This area will bring together our internal whitepapers as well as any that we deem “foundational” to our own work and thus appropriate for adding to any required reading list.

As noted elsewhere, two pieces by Schein and Schein/Scheffler are definitely foundational to the work of Accelerate Progress.

They are:

The Case for a New National Program for the Development of Cancer Therapeutics by Dr. Schein is a great starting point

and

Barriers to Efficient Development of Cancer Therapeutics by Dr. Schein and Barbara Scheffler is an excellent follow-on reading, thought it stands on its own merits as well.

Additionally, for focused insights on our approach to the use and development of advanced trial designs and statistical analysis methods within regulatory development, this recent piece by Dr. Scott Gottlieb, former Deputy Commissioner at the FDA, and also a member of our Scientific Advisory Board, as presented at the Food and Drug Law Institute Colloquium on Access to Unapproved Drugs.
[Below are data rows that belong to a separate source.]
(* Assume the hypotheses on $\mathfrak{R}$ and the discrete inf-sup condition: there exist a linear operator $\mathfrak{R}:V\to W'$ and constants $\alpha_*,M^*,\kappa>0$ with $\inf_{w\ne0}\sup_{v\neq0}\langle\mathfrak{R}v,w\rangle/(\|w\|_W\|v\|_V)\ge\alpha_*$, $\|\mathfrak{R}v\|_{W'}\le M^*\|v\|_V$ for all $v\in V$, and $\kappa\|w\|_W\le\sup_{v_\eta\in V_\eta,v_\eta\ne0}\mathcal{A}(w,v_\eta)/\|v_\eta\|_V$ for all $w\in W_\theta\cup S_\theta$. Let $\mathcal{J}:W\to\mathbb{R}$ be a functional with constants $0<c_*\le C^*$ such that $c_*\|w\|_{op,\eta}\le\mathcal{J}(w)\le C^*\|w\|_{op,\eta}$ for all $w\in W$. Let $(\tilde w^n_\theta)\subset W_\theta$ satisfy $\lim_n\mathcal{J}(u-\tilde w^n_\theta)=\inf_{w_\theta\in W_\theta}\mathcal{J}(u-w_\theta)$ and converge weakly in $W$ to $u^\flat_\theta$. Then $$\|u-u^\flat_\theta\|_W\le\Big(1+2\frac{C^*}{c_*}\frac{M^*}{\alpha_*}\frac{M}{\kappa}\Big)\inf_{w_\theta\in W_\theta}\|u-w_\theta\|_W.$$ Moreover every such minimizing sequence is bounded in $W$ and hence has a weakly convergent subsequence.
   Context: $W$ and $V$ are reflexive separable real Banach spaces, $W'$ the dual of $W$ with duality pairing $\langle\cdot,\cdot\rangle$. $\mathcal{A}:W\times V\to\mathbb{R}$ is a bilinear form with $\mathcal{A}(w,v)\le M\|w\|_W\|v\|_V$, $\mathcal{F}:V\to\mathbb{R}$ is bounded linear, and $u\in W$ is the unique solution of $\mathcal{A}(u,v)=\mathcal{F}(v)$ for all $v\in V$. $W_\theta\subseteq W$ and $V_\eta\subseteq V$ are arbitrary subsets, $V_\eta$ containing an element of nonzero norm. For $w\in W$, $\|w\|_{op,\eta}:=\sup_{v_\eta\in V_\eta,\ \|v_\eta\|_V\neq0}\mathcal{A}(w,v_\eta)/\|v_\eta\|_V$. $S_\theta:=\{w_1-w_2:\ w_1,w_2\in W_\theta\}$. *)

From HB Require Import structures.
From mathcomp Require Import all_boot all_order all_algebra.
From mathcomp Require Import all_classical all_reals all_analysis.
Set Implicit Arguments. Unset Strict Implicit. Unset Printing Implicit Defensive.
Import Order.TTheory GRing.Theory Num.Theory.
Import numFieldNormedType.Exports.
Local Open Scope classical_set_scope.
Local Open Scope ring_scope.

Section Defs.
Variable R : realType.

Definition is_clf (W : normedModType R) (f : W -> R) : Prop :=
  (forall (a : R) (x y : W), f (a *: x + y) = a * f x + f y) /\ continuous f.

Definition dual_norm (W : normedModType R) (f : W -> R) : R :=
  sup [set `|f w| / `|w| | w in [set w : W | w != 0]].

(* reflexivity: the canonical embedding W -> W'' is surjective, i.e. every
   bounded linear functional on W' is the evaluation at some w in W. *)
Definition reflexive_space (W : normedModType R) : Prop :=
  forall Phi : (W -> R) -> R,
    (forall (a : R) (f g : W -> R), is_clf f -> is_clf g ->
       Phi (fun w => a * f w + g w) = a * Phi f + Phi g) ->
    (exists C : R, forall f, is_clf f -> `|Phi f| <= C * dual_norm f) ->
    exists w : W, forall f, is_clf f -> Phi f = f w.

Definition separable_space (W : normedModType R) : Prop :=
  exists D : set W, countable D /\ dense D.

Definition weak_cvg (W : normedModType R) (x : nat -> W) (y : W) : Prop :=
  forall f : W -> R, is_clf f -> (fun n => f (x n)) @ \oo --> f y.

Definition op_norm (W V : normedModType R) (A : W -> V -> R) (Veta : set V)
  (w : W) : R :=
  sup [set A w v / `|v| | v in [set v : V | Veta v /\ `|v| != 0]].

Definition diff_set (W : normedModType R) (Wt : set W) : set W :=
  [set w | exists w1 w2, Wt w1 /\ Wt w2 /\ w = w1 - w2].

End Defs.

From HB Require Import structures.
From mathcomp Require Import all_boot all_order all_algebra.
From mathcomp Require Import all_classical all_reals all_analysis.
From mathcomp Require Import ring lra.
Set Implicit Arguments. Unset Strict Implicit. Unset Printing Implicit Defensive.
Import Order.TTheory GRing.Theory Num.Theory.
Import numFieldNormedType.Exports.
Local Open Scope classical_set_scope.
Local Open Scope ring_scope.

(* Fix w in W_theta. The discrete inf-sup condition, subadditivity of the
   operator seminorm and c_* ||.||_{op,eta} <= J <= C^* ||.||_{op,eta} give,
   eventually along the minimizing sequence,
     kappa ||w - w_n|| <= (1 + C^*/c_* ) M ||u - w|| + eps.
   This bounds the sequence; testing w - w_n against R v and passing to the weak
   limit, the continuous inf-sup condition yields
     alpha ||w - u_b|| <= M^* (1 + C^*/c_* ) M ||u - w|| / kappa,
   and the triangle inequality through w gives the estimate (C^*/c_* >= 1).
   For compactness, reflexivity turns limits along an ultrafilter into weak
   limits; a dense sequence e_j of V makes the R e_j a countable family that
   separates points of W, so a diagonal extraction converges weakly. *)

Section ContinuousLinearFunctional.
Variables (R : realType) (W : normedModType R) (f : W -> R).
Hypothesis hf : is_clf f.

Lemma clf0 : f 0 = 0.
Proof. have := hf.1 1 0 0; rewrite scale1r addr0 mul1r; lra. Qed.

Lemma clfZ a x : f (a *: x) = a * f x.
Proof. by have := hf.1 a x 0; rewrite !addr0 clf0 addr0. Qed.

Lemma clfB x y : f (x - y) = f x - f y.
Proof. by have := hf.1 (-1) y x; rewrite scaleN1r mulN1r addrC [_ + f x]addrC. Qed.

Lemma clf_bounded : exists C, 0 < C /\ forall x, `|f x| <= C * `|x|.
Proof.
have := hf.2 0; rewrite /continuous_at clf0 => /cvgr_dist_lt /(_ 1 ltr01).
rewrite -nbhs_nearE => /nbhs_ballP [e /= e0 he].
exists (2 / e); split; first by rewrite divr_gt0.
move=> x; have [->|x0] := eqVneq x 0; first by rewrite clf0 !normr0 mulr0.
have nx : 0 < `|x| by rewrite normr_gt0.
have s0 : 0 < e / 2 / `|x| by rewrite !divr_gt0.
have : ball 0 e ((e / 2 / `|x|) *: x).
  rewrite -ball_normE /ball_ /= sub0r normrN normrZ gtr0_norm // divfK ?gt_eqF //.
  lra.
move/he; rewrite /= sub0r normrN clfZ normrM (gtr0_norm s0) => lt1.
rewrite -(ler_pM2l s0) (_ : _ * (2 / e * _) = 1); first exact: ltW.
by field; rewrite !gt_eqF.
Qed.

Lemma dual_norm_ge0 : 0 <= dual_norm f.
Proof.
rewrite /dual_norm; set E := [set `|f w| / `|w| | w in [set w : W | w != 0]].
have [[r Er]|E0] := pselect (E !=set0); last first.
  have -> : E = set0 by apply/seteqP; split => // r Er; apply: E0; exists r.
  by rewrite sup0.
have [C [_ hC]] := clf_bounded.
have ubE : has_ubound E.
  by exists C => _ [w /= w0 <-]; rewrite ler_pdivrMr ?normr_gt0.
apply: le_trans (ub_le_sup ubE Er).
by case: Er => w _ <-; rewrite divr_ge0.
Qed.

Lemma clf_le_dual_norm x : `|f x| <= dual_norm f * `|x|.
Proof.
have [C [_ hC]] := clf_bounded.
have [->|x0] := eqVneq x 0; first by rewrite clf0 !normr0 mulr0.
rewrite -ler_pdivrMr ?normr_gt0 //; apply: ub_le_sup; last by exists x.
by exists C => _ [w /= w0 <-]; rewrite ler_pdivrMr ?normr_gt0.
Qed.
(* Let $n\geq 1$. Consider the arrangement of the lines $\mathcal{L}_0,\dots,\mathcal{L}_{n-1}$. Then: (i) exactly $n$ of its regions lie in $\mathcal{H}_{n-1}^-$, and their codes are the words $1^k0^{n-k}$, $k=0,1,\dots,n-1$; (ii) the codes of the regions lying in $\mathcal{H}_{n-1}^+$ are exactly the words $\pi 1$ where $\pi$ ranges over $\mathcal{P}_{n-1}$ (each region of the arrangement of $\mathcal{L}_0,\dots,\mathcal{L}_{n-2}$ giving exactly one such region).
   Context: For an integer $m\geq 0$, $\mathcal{L}_m$ is the line $y=mx-m^2$, $H_m(x,y)=y-mx+m^2$, $\mathcal{H}_m^+=\{H_m>0\}$ (the side containing $(-1,1)$) and $\mathcal{H}_m^-=\{H_m<0\}$. For $n\geq 0$, the regions of the arrangement of $\mathcal{L}_0,\dots,\mathcal{L}_{n-1}$ are the connected components of $\mathbb{R}^2\setminus(\mathcal{L}_0\cup\dots\cup\mathcal{L}_{n-1})$ (for $n=0$, the whole plane). Each region lies, for each $i$, entirely in $\mathcal{H}_i^+$ or entirely in $\mathcal{H}_i^-$; its code is the binary word $\sigma_0\sigma_1\cdots\sigma_{n-1}$ with $\sigma_i=1$ if the region lies in $\mathcal{H}_i^+$ and $\sigma_i=0$ if it lies in $\mathcal{H}_i^-$. $\mathcal{P}_n$ is the set of codes of the regions of this arrangement; $\mathcal{P}_0=\{\varepsilon\}$ with $\varepsilon$ the empty word. Words are concatenated; $\sigma^k$ denotes $k$ consecutive copies of the letter $\sigma$, with $\sigma^k=\varepsilon$ for $k\leq 0$. *)

From HB Require Import structures.
From mathcomp Require Import all_boot all_order all_algebra.
From mathcomp Require Import all_classical all_reals all_analysis.
Set Implicit Arguments. Unset Strict Implicit. Unset Printing Implicit Defensive.
Import Order.TTheory GRing.Theory Num.Theory.
Import numFieldNormedType.Exports.
Local Open Scope classical_set_scope.
Local Open Scope ring_scope.

Definition Hm {R : realType} (m : nat) (p : R * R) : R :=
  p.2 - m%:R * p.1 + (m%:R) ^+ 2.

Definition Hplus {R : realType} (m : nat) : set (R * R) := [set p | 0 < Hm m p].
Definition Hminus {R : realType} (m : nat) : set (R * R) := [set p | Hm m p < 0].

Definition arr_compl {R : realType} (n : nat) : set (R * R) :=
  [set p | forall i : nat, (i < n)%N -> Hm i p != 0].

Definition region {R : realType} (n : nat) (C : set (R * R)) : Prop :=
  exists2 p : R * R, arr_compl n p & C = @connected_component (R * R)%type (arr_compl n) p.

(* w (a bit word, true = 1, false = 0) is the code of the region C *)
Definition has_code {R : realType} (n : nat) (C : set (R * R)) (w : seq bool) : Prop :=
  size w = n /\
  forall i : nat, (i < n)%N ->
    (nth false w i = true -> C `<=` Hplus i) /\ (nth false w i = false -> C `<=` Hminus i).

Definition Pcodes (R : realType) (n : nat) : set (seq bool) :=
  [set w | exists2 C : set (R * R), region n C & has_code n C w].

(* Regions are exactly the nonempty classes of points with the same signs:
   a continuous function without zeros keeps its sign on a connected set, and
   conversely the segment joining two points with the same signs avoids every
   line, each Hm i being affine along it.  For a fixed point p = (x, y),
   Hm i p = i^2 - x i + y is a monic quadratic in i, so the lines lying above p
   have indices forming an integer interval [a, c), and every such interval is
   realised by the point (s + t, s t) with s = a - 1/2, t = c - 1/2.  A region
   below L_(n-1) thus has c = n and code 1^k 0^(n-k), while a region above
   L_(n-1) is the trace on H_(n-1)^+ of the unique region of the smaller
   arrangement containing it, and every such trace is nonempty. *)

From mathcomp Require Import all_boot all_order all_algebra.
From mathcomp Require Import all_classical all_reals all_analysis.
From mathcomp Require Import ring lra zify.
Import Order.TTheory GRing.Theory Num.Theory.
Import numFieldNormedType.Exports.
Local Open Scope classical_set_scope.
Local Open Scope ring_scope.

Lemma connected_nonvanishing_gt0 {R : realType} {T : topologicalType}
    {f : T -> R} {A : set T} {x y : T} :
  continuous f -> connected A -> (forall z, A z -> f z != 0) ->
  A x -> A y -> 0 < f x -> 0 < f y.
Proof.
move=> cf cA nz Ax Ay fx.
suff E : A `&` [set z | 0 < f z] = A by move: Ay; rewrite -E => -[].
apply: cA; first by exists x.
  exists (f @^-1` [set r | 0 < r]) => //.
  by apply: open_comp; [move=> z _; apply: cf | exact: open_gt].
exists (f @^-1` [set r | 0 <= r]).
  by apply: closed_comp; [move=> z _; apply: cf | exact: closed_ge].
apply/seteqP; split => z [Az fz]; split => //=; first exact: ltW.
by rewrite lt_neqAle eq_sym nz.
Qed.

Lemma convex_comb_lt0 {R : realFieldType} (a b t : R) : 0 <= t <= 1 -> a < 0 -> b < 0 ->
  (1 - t) * a + t * b < 0.
Proof. move=> /andP[t0 t1] ha hb; nra. Qed.

Section ParabolaArrangement.
Context {R : realType}.
Implicit Types (p q : R * R) (C D : set (R * R)) (w : seq bool).

Lemma Hm_sum_prod i (s t : R) : Hm i (s + t, s * t) = (i%:R - s) * (i%:R - t).
Proof. by rewrite /Hm /=; ring. Qed.

Lemma Hm_lt0_between {p} {j i l : nat} :
  Hm j p < 0 -> Hm l p < 0 -> (j <= i <= l)%N -> Hm i p < 0.
Proof.
move=> hj hl /andP[ji il].
have [<- // | ne_ji] := eqVneq j i; have [-> // | ne_il] := eqVneq i l.
have J : j%:R < i%:R :> R by rewrite ltr_nat ltn_neqAle ne_ji ji.
have L : i%:R < l%:R :> R by rewrite ltr_nat ltn_neqAle ne_il il.
(* Hm i p is a monic quadratic in i, hence convex in i. *)
have E : (l%:R - j%:R) * Hm i p = (l%:R - i%:R) * Hm j p
    + (i%:R - j%:R) * Hm l p - (l%:R - j%:R) * (i%:R - j%:R) * (l%:R - i%:R) :> R.
  by rewrite /Hm; ring.
have t1 : (l%:R - i%:R) * Hm j p < 0 by rewrite pmulr_rlt0 ?subr_gt0.
have t2 : (i%:R - j%:R) * Hm l p < 0 by rewrite pmulr_rlt0 ?subr_gt0.
have t3 : 0 < (l%:R - j%:R) * (i%:R - j%:R) * (l%:R - i%:R) :> R.
  by rewrite !mulr_gt0 ?subr_gt0 //; lra.
have LJ : 0 < l%:R - j%:R :> R by lra.
by rewrite -(pmulr_rlt0 _ LJ) E; lra.
Qed.

(* By Hm_sum_prod, Hm i (root_point a c) = (i - a + 1/2) (i - c + 1/2): it never
   vanishes at an integer i and is negative exactly for i in [a, c). *)
Definition root_point (a c : nat) : R * R :=
  let s := a%:R - 2^-1 in let t := c%:R - 2^-1 in (s + t, s * t).

Lemma sub_half_gt0 (i a : nat) : (0 < i%:R - (a%:R - 2^-1) :> R) = (a <= i)%N.
Proof.
have [h | h] := leqP a i.
  have ai : a%:R <= i%:R :> R by rewrite ler_nat.
  by apply/idP; lra.
have ia : i%:R + 1 <= a%:R :> R by rewrite natr1 ler_nat.
by apply/negbTE; rewrite -leNgt; lra.
Qed.

Lemma sub_half_neq0 (i a : nat) : i%:R - (a%:R - 2^-1) != 0 :> R.
Proof.
have [h | h] := leqP a i.
  by rewrite gt_eqF // sub_half_gt0.
have ia : i%:R + 1 <= a%:R :> R by rewrite natr1 ler_nat.
by apply/eqP; lra.
Qed.

Lemma root_point_gt0 a c i : (0 < Hm i (root_point a c)) = ((a <= i)%N == (c <= i)%N).
Proof.
rewrite Hm_sum_prod -!sub_half_gt0.
move: (sub_half_neq0 i a) (sub_half_neq0 i c).
set x := _ - _; set y := _ - _; rewrite !neq_lt => /orP[hx|hx] /orP[hy|hy].
- by rewrite nmulr_rgt0 // hy (lt_gtF hx) (lt_gtF hy).
- by rewrite nmulr_rgt0 // (lt_gtF hy) (lt_gtF hx) hy.
- by rewrite pmulr_rgt0 // hx (lt_gtF hy).
- by rewrite pmulr_rgt0 // hx hy.
Qed.

Lemma root_point_arr_compl n a c : arr_compl n (root_point a c).
Proof. by move=> i _; rewrite Hm_sum_prod mulf_neq0 ?sub_half_neq0. Qed.

Definition sign_code n p : seq bool := mkseq (fun i => 0 < Hm i p) n.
Improving Access to Life-Saving Medicines through Modernization of the Regulatory Review Process

As Dr. Gottlieb notes, it’s all about “Accelerating Access Through Better Science”.  We have the tools and our understanding of the science has advanced significantly enough to allow us to design better trials, to use better statistical analysis tools, and to learn more in shorter periods of time, but we need to focus on using those tools and science to full advantage.  Accelerate Progress will be leading the way in this area by forming appropriate academic, industry, and governmental collaborations and funding direct research efforts to improve our knowledge and use of advanced trial designs and analytical tools.